I'll wait a day before formally pronouncing to see if any objections
are made, but it looks good to me.

On Thu, Apr 14, 2016 at 8:19 AM, Victor Stinner
<victor.stinner at gmail.com> wrote:
> Hi,
>
> I updated my PEP 509 to make the dictionary version globally unique.
> With *two* use cases of this PEP (Yury's method call patch and my FAT
> Python project), I think that the PEP is now ready to be accepted.
>
> Globally unique identifier is a requirement for Yury's patch
> optimizing method calls ( https://bugs.python.org/issue26110 ).
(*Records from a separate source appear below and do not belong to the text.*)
Lemma lap_jc_psum_residual K :
  Ljc *m stack j (omega_psum w sigma j K.+1) + Ljcj = residual K.
Proof.
rewrite lap_jc_mul_stack // lap_jc_j_stack // -stackD; apply: eq_stack => x xj.
have -> : killed_step w sigma j (omega_psum w sigma j K.+1) x =
    omega_psum w sigma j K.+1 x + (omega_term w sigma x j K.+1 - trans w x j *: sigma x j).
  by rewrite addrA -omega_psumS omega_psumSS // addrC addKr.
by rewrite opprD addNKr opprB scalerBr addrAC subrr add0r.
Qed.

Lemma residual_cvg0 k c : (fun K => residual K k c) @ \oo --> 0.
Proof.
rewrite -[k]enc_dec; case: (dec k) => u a; under eq_fun do rewrite stackE !mxE.
rewrite -oppr0 -(mulr0 (cdeg w (lift j u))); apply: cvgN; apply: cvgMl_tmp.
have := omega_term_cvg0 (lift j u) a c; rewrite -cvg_shiftS; apply.
by rewrite eq_sym neq_lift.
Qed.

Lemma stack_psum_cvg k c :
  (fun K => stack j (omega_psum w sigma j K.+1) k c) @ \oo --> (invmx Ljc *m - Ljcj) k c.
Proof.
have psumE K : stack j (omega_psum w sigma j K.+1) = invmx Ljc *m (residual K - Ljcj).
  by rewrite -lap_jc_psum_residual addrK mulKmx // lap_jc_unit.
under eq_fun do rewrite psumE; apply: cvg_mulmx_entry => {}k {}c.
have -> : (fun K => (residual K - Ljcj) k c) = (fun K => residual K k c - Ljcj k c).
  by apply/funext => K; rewrite [(residual K - Ljcj) k c]mxE [(- Ljcj) k c]mxE.
suff : (fun K => residual K k c - Ljcj k c) @ \oo --> 0 - Ljcj k c.
  by rewrite sub0r [(- Ljcj) k c]mxE.
exact: cvgB (residual_cvg0 k c) (cvg_cst _).
Qed.

Lemma omega_series_cvg x a b : x != j ->
  (fun K => \sum_(T < K) omega_term w sigma x j T a b) @ \oo -->
    (- unstack j (invmx Ljc *m Ljcj) x) a b.
Proof.
rewrite eq_sym => /unlift_some [u -> _].
have -> : (- unstack j (invmx Ljc *m Ljcj) (lift j u)) a b =
    (invmx Ljc *m - Ljcj) (enc (u, a)) b.
  by rewrite mulmxN !mxE unstack_lift !mxE.
rewrite -cvg_shiftS /=.
under eq_fun do rewrite -summxE -/(omega_psum w sigma j _ (lift j u)) -stackE.
exact: stack_psum_cvg.
Qed.

End HittingMatrix.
It
> allows to check for free if the dictionary was replaced.
>
> I also renamed the ma_version field to ma_version_tag.
>
> HTML version:
> https://www.python.org/dev/peps/pep-0509/
>
> Victor
>
>
> PEP: 509
> Title: Add a private version to dict
> Version: $Revision$
> Last-Modified: $Date$
> Author: Victor Stinner <victor.stinner at gmail.com>
> Status: Draft
> Type: Standards Track
> Content-Type: text/x-rst
> Created: 4-January-2016
> Python-Version: 3.6
>
>
> Abstract
> ========
>
> Add a new private version to the builtin ``dict`` type, incremented at
> each dictionary creation and at each dictionary change, to implement
> fast guards on namespaces.
>
>
> Rationale
> =========
>
> In Python, the builtin ``dict`` type is used by many instructions. For
> example, the ``LOAD_GLOBAL`` instruction searchs for a variable in the
> global namespace, or in the builtins namespace (two dict lookups).
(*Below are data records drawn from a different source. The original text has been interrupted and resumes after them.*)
Fixpoint rename V W (r : V -> W) (t : term V) : term W :=
  match t with
  | Var v => Var ar (r v)
  | App o ts => App (fun i => rename r (ts i))
  end.

Lemma eval_rename (A : algebra) V W (r : V -> W) (e : W -> A) (t : term V) :
  eval e (rename r t) = eval (fun v => e (r v)) t.
Proof.
elim: t => [v|o ts IH] //=.
by congr op; apply: functional_extensionality => i; apply: IH.
Qed.

Fixpoint vars V (t : term V) : list V :=
  match t with
  | Var v => v :: nil
  | App o ts => List.flat_map (fun i => vars (ts i)) (enum 'I_(ar o))
  end.

Lemma mem_In (T : eqType) (x : T) (s : seq T) : x \in s -> List.In x s.
Proof.
elim: s => [|y s IH] //=; rewrite in_cons => /orP [/eqP ->|xs]; first by left.
by right; apply: IH.
Qed.

Lemma eq_eval_in (A : algebra) V (e1 e2 : V -> A) (t : term V) :
  (forall v, List.In v (vars t) -> e1 v = e2 v) -> eval e1 t = eval e2 t.
Proof.
elim: t => [v|o ts IH] e12 /=; first by apply: e12; left.
congr op; apply: functional_extensionality => i; apply: IH => v vt; apply: e12.
by apply/List.in_flat_map; exists i; split=> //; apply/mem_In/mem_enum.
Qed.

Lemma hom_zero z (A B : algebra) (f : A -> B) : is_hom f -> f (zero z A) = zero z B.
Proof. by move=> hf; rewrite /zero hom_eval //; apply: eq_eval; case. Qed.

Lemma hom_cst_zero E z (A B : algebra) :
  pointed E z -> models E B -> is_hom (fun _ : A => zero z B).
Proof. by move=> pz HB o args; symmetry; apply: (pz B HB (App (o := o) (fun _ => z))). Qed.

Lemma sval_inj (T : Type) (X : T -> Prop) (x y : {a | X a}) :
  sval x = sval y -> x = y.
Proof. by case: x => a Ha; case: y => b Hb /= ab; apply: subset_eq_compat. Qed.

Lemma models_subalg E (A : algebra) (X : A -> Prop) (HX : is_subalg X) :
  models E A -> models E (subalg HX).
Proof.
move=> HA s t Est env; apply: sval_inj.
by rewrite !(@hom_eval (subalg HX) A (@sval _ _)) //; apply: HA.
Qed.

Lemma subalg_closed_term (A : algebra) (X : A -> Prop) (t : term void) :
  is_subalg X -> X (eval (@void_env _ ar A) t).
Proof. by move=> HX; elim: t => [[]|o ts IH] /=; apply: HX. Qed.

Lemma is_subalg_preim (A B : algebra) (f : A -> B) (R : B -> Prop) :
  is_hom f -> is_subalg R -> is_subalg (fun a => R (f a)).
Proof. by move=> hf HR o args Rargs; rewrite hf; apply: HR. Qed.

Definition range (A : algebra) V (e : V -> A) (a : A) : Prop :=
  exists t : term V, eval e t = a.

Lemma is_subalg_range (A : algebra) V (e : V -> A) : is_subalg (range e).
Proof.
move=> o args Rargs; pose ts i := proj1_sig (constructive_indefinite_description _ (Rargs i)).
exists (App ts) => /=; congr op; apply: functional_extensionality => i.
exact: proj2_sig (constructive_indefinite_description _ (Rargs i)).
Qed.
> Python uses ``dict`` for the builtins namespace, globals namespace, type
> namespaces, instance namespaces, etc. The local namespace (namespace of
> a function) is usually optimized to an array, but it can be a dict too.
>
> Python is hard to optimize because almost everything is mutable: builtin
> functions, function code, global variables, local variables, ... can be
> modified at runtime. Implementing optimizations respecting the Python
> semantics requires to detect when "something changes": we will call
> these checks "guards".
>
> The speedup of optimizations depends on the speed of guard checks. This
> PEP proposes to add a version to dictionaries to implement fast guards
> on namespaces.
>
> Dictionary lookups can be skipped if the version does not change which
> is the common case for most namespaces. Since the version is globally
> unique, the version is also enough to check if the namespace dictionary
> was not replaced with a new dictionary. The performance of a guard does
> not depend on the number of watched dictionary entries, complexity of
> O(1), if the dictionary version does not change.
>
> Example of optimization: copy the value of a global variable to function
> constants.  This optimization requires a guard on the global variable to
> check if it was modified. If the variable is modified, the variable must
> be loaded at runtime when the function is called, instead of using the
> constant.
>
> See the `PEP 510 -- Specialized functions with guards
> <https://www.python.org/dev/peps/pep-0510/>`_ for the concrete usage of
> guards to specialize functions and for the rationale on Python static
> optimizers.
>
>
> Guard example
> =============
>
> Pseudo-code of an fast guard to check if a dictionary entry was modified
> (created, updated or deleted) using an hypothetical
> ``dict_get_version(dict)`` function::
>
>     UNSET = object()
>
>     class GuardDictKey:
>         def __init__(self, dict, key):
>             self.dict = dict
>             self.key = key
>             self.value = dict.get(key, UNSET)
>             self.version = dict_get_version(dict)
>
>         def check(self):
>             """Return True if the dictionary entry did not changed
>             and the dictionary was not replaced."""
>
>             # read the version of the dict structure
>             version = dict_get_version(self.dict)
>             if version == self.version:
>                 # Fast-path: dictionary lookup avoided
>                 return True
>
>             # lookup in the dictionary
>             value = self.dict.get(self.key, UNSET)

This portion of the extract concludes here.